The defendants, clad in black witches hats, circled the prosecutor, Jim Powers, and successfully negotiated the court fees down to the unusually nominal amount of fifty dollars and reduced the deferment time on the lesser charge to four months. After the agreements were signed, the women took the opportunity to speak eloquently about their experience with the court and the integrity of the Women's Demonstration. Full transcripts can be found at OlyPMR.org.
Patricia Imani and Kim Chaplin's statement read, in part, “We are proud that we stood for peace. We are proud that we said 'No' as the war machine cycled through our public ports. We are not criminals, but those who upheld the highest international laws and the highest laws of humanity. We stand for Peace only.”
Illegal Spying
The jury trial began on October 19 in Thurston County District Court, nearly seven years after the aggressive US invasion of Iraq--which is increasingly considered illegal under US and International Law--and nearly two years after the 2007 Port of Olympia protests against the Iraq War shipments.
Defense Counsel asserted that the peaceably assembled women, who were participating in a sit-in while chanting “we are non-violent”, were arrested at the order of Olympia Police Chief Tor Bjornstad, who was acting based on misleading communications from Department of Defense (DoD) intelligence received in the previous weeks.
Arrests of the women, as well as the charges filed against them, were based on information provided to the Olympia Police Chief Bjornstad by a DoD US Army civilian intelligence employee. The DoD employee, John J. Towery, was recently exposed for spying illegally on civilian anti-war peace groups in the South Sound region associated with port protests.
First indication of illegal DoD surveillance of the protesters came through reports prepared by Chief Bjornstad, provided in standard discovery documents, in which Bjornstad reported he had attended meetings at the US Coast Guard offices in Seattle in preparation for local police response to potential protests.
Defense attorney Lawrence Hildes later learned, through a Freedom of Information Act search initiated by Olympia IWW union members, that Chief Bjornstad was recipient of numerous communications sent by the Department of Defense during the 2007 Olympia Port Protests. Hildes had requested electronic and written documents tied to the Protests as part standard discovery process, but prosecutor Powers had denied their existence.
'Fusion Center' Involvement
Other news was yet more troubling to the defense.
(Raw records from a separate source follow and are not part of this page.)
Theorem lemma1 (d : nat) (hd : (2 <= d)%N)
  (* fermionic algebra: a complex *-algebra with Majoranas on d-cells *)
  (R : algType algC) (star : R -> R)
  (star_invol : forall x, star (star x) = x)
  (star_add : forall x y, star (x + y) = star x + star y)
  (star_mul : forall x y, star (x * y) = star y * star x)
  (star_scale : forall (a : algC) x, star (a *: x) = a^* *: star x)
  (gamma gamma' : cell d -> R)
  (herm : forall x, star (gamma (dcell x)) = gamma (dcell x))
  (herm' : forall x, star (gamma' (dcell x)) = gamma' (dcell x))
  (sq : forall x, gamma (dcell x) * gamma (dcell x) = 1)
  (sq' : forall x, gamma' (dcell x) * gamma' (dcell x) = 1)
  (anti : forall x y, x != y ->
     gamma (dcell x) * gamma (dcell y) = - (gamma (dcell y) * gamma (dcell x)))
  (anti' : forall x y, x != y ->
     gamma' (dcell x) * gamma' (dcell y) = - (gamma' (dcell y) * gamma' (dcell x)))
  (anti_mix : forall x y,
     gamma (dcell x) * gamma' (dcell y) = - (gamma' (dcell y) * gamma (dcell x)))
  (* bosonic algebra: Pauli operators on (d-1)-cells *)
  (B : nzRingType) (X Z : cell d -> B)
  (X2 : forall c, is_kcell d.-1 c -> X c * X c = 1)
  (Z2 : forall c, is_kcell d.-1 c -> Z c * Z c = 1)
  (XZ : forall c, is_kcell d.-1 c -> X c * Z c = - (Z c * X c))
  (XX : forall c c', is_kcell d.-1 c -> is_kcell d.-1 c' -> c != c' ->
     X c * X c' = X c' * X c)
  (ZZ : forall c c', is_kcell d.-1 c -> is_kcell d.-1 c' -> c != c' ->
     Z c * Z c' = Z c' * Z c)
  (XZ' : forall c c', is_kcell d.-1 c -> is_kcell d.-1 c' -> c != c' ->
     X c * Z c' = Z c' * X c)
  (c c' : cell d) (hc : is_kcell d.-1 c) (hc' : is_kcell d.-1 c') :
  let e := integral (fun C => cup d.-2 (ind c) (ind c') C
                              (+) cup d.-2 (ind c') (ind c) C) in
  S_op gamma gamma' c * S_op gamma gamma' c'
    = S_op gamma gamma' c' * S_op gamma gamma' c * (-1) ^+ e
  /\ U_op X Z c * U_op X Z c' = U_op X Z c' * U_op X Z c * (-1) ^+ e.
Proof.
have [j _ c2] := codim1_cell_perp (ltnW hd) hc.
have [j' _ c'2] := codim1_cell_perp (ltnW hd) hc'.
rewrite /= (integral_addb (cup_ind_supp hd c2 c'2) (cup_ind_supp hd c'2 c2)).
split; first exact: S_op_signed_comm.
exact: U_op_signed_comm.
Qed.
Through redacted e-mails released by the city following public records requests by the daily newspaper The Olympian, it was learned that lead prosecutor Jim Powers, who stepped up to personally try these misdemeanor cases for the city, was recipient of redacted emails marked “Law Enforcement Sensitive” sent by Ken Rivers, Region 3 Analyst with the Washington Joint Analytical Center (WJAC).
WJAC is a regional "Fusion Center," an information gathering and dissemination network funded largely by the Department of Homeland Security. Fusion Centers are being scrutinized recently by the press and the US civil rights legal community, in large part because the networks can escape accountability regarding violation of civil rights protections by maintaining an indefinable hierarchical structure.
The networking products of the Fusion Centers have, in effect, enabled Department of Defense espionage and policing of civilians--something expressly forbidden by the US Posse Comitatus Act.
Following prosecutor Powers’ refusal to confirm the existence of such communications, defense attorney Hildes subpoenaed appropriate DoD officials. Those subpoenaed were not forthcoming.
Frustrated and nearing trial, on October 8 Hildes pleaded with Thurston County District Court Judge Sam Meyer for a continuance [delay] of the trial date until all discovery documents were supplied.
Prosecutor Powers at that point confirmed the existence of certain discovery documents while denying relevance of the documents to the case.
Judge Meyers denied the defense’s request for continuance, choosing not to order the production of documents by the state, instead stating he would not permit testimony from the state that relied on information from such documents.
Where the arrests and prosecution of citizens involved in the exercise of their First Amendment rights are in fact prompted by information obtained from illegal spying, as it applies in these cases, the defense found this ruling especially problematic, and possibly leading to a violation of defendant’s due process rights.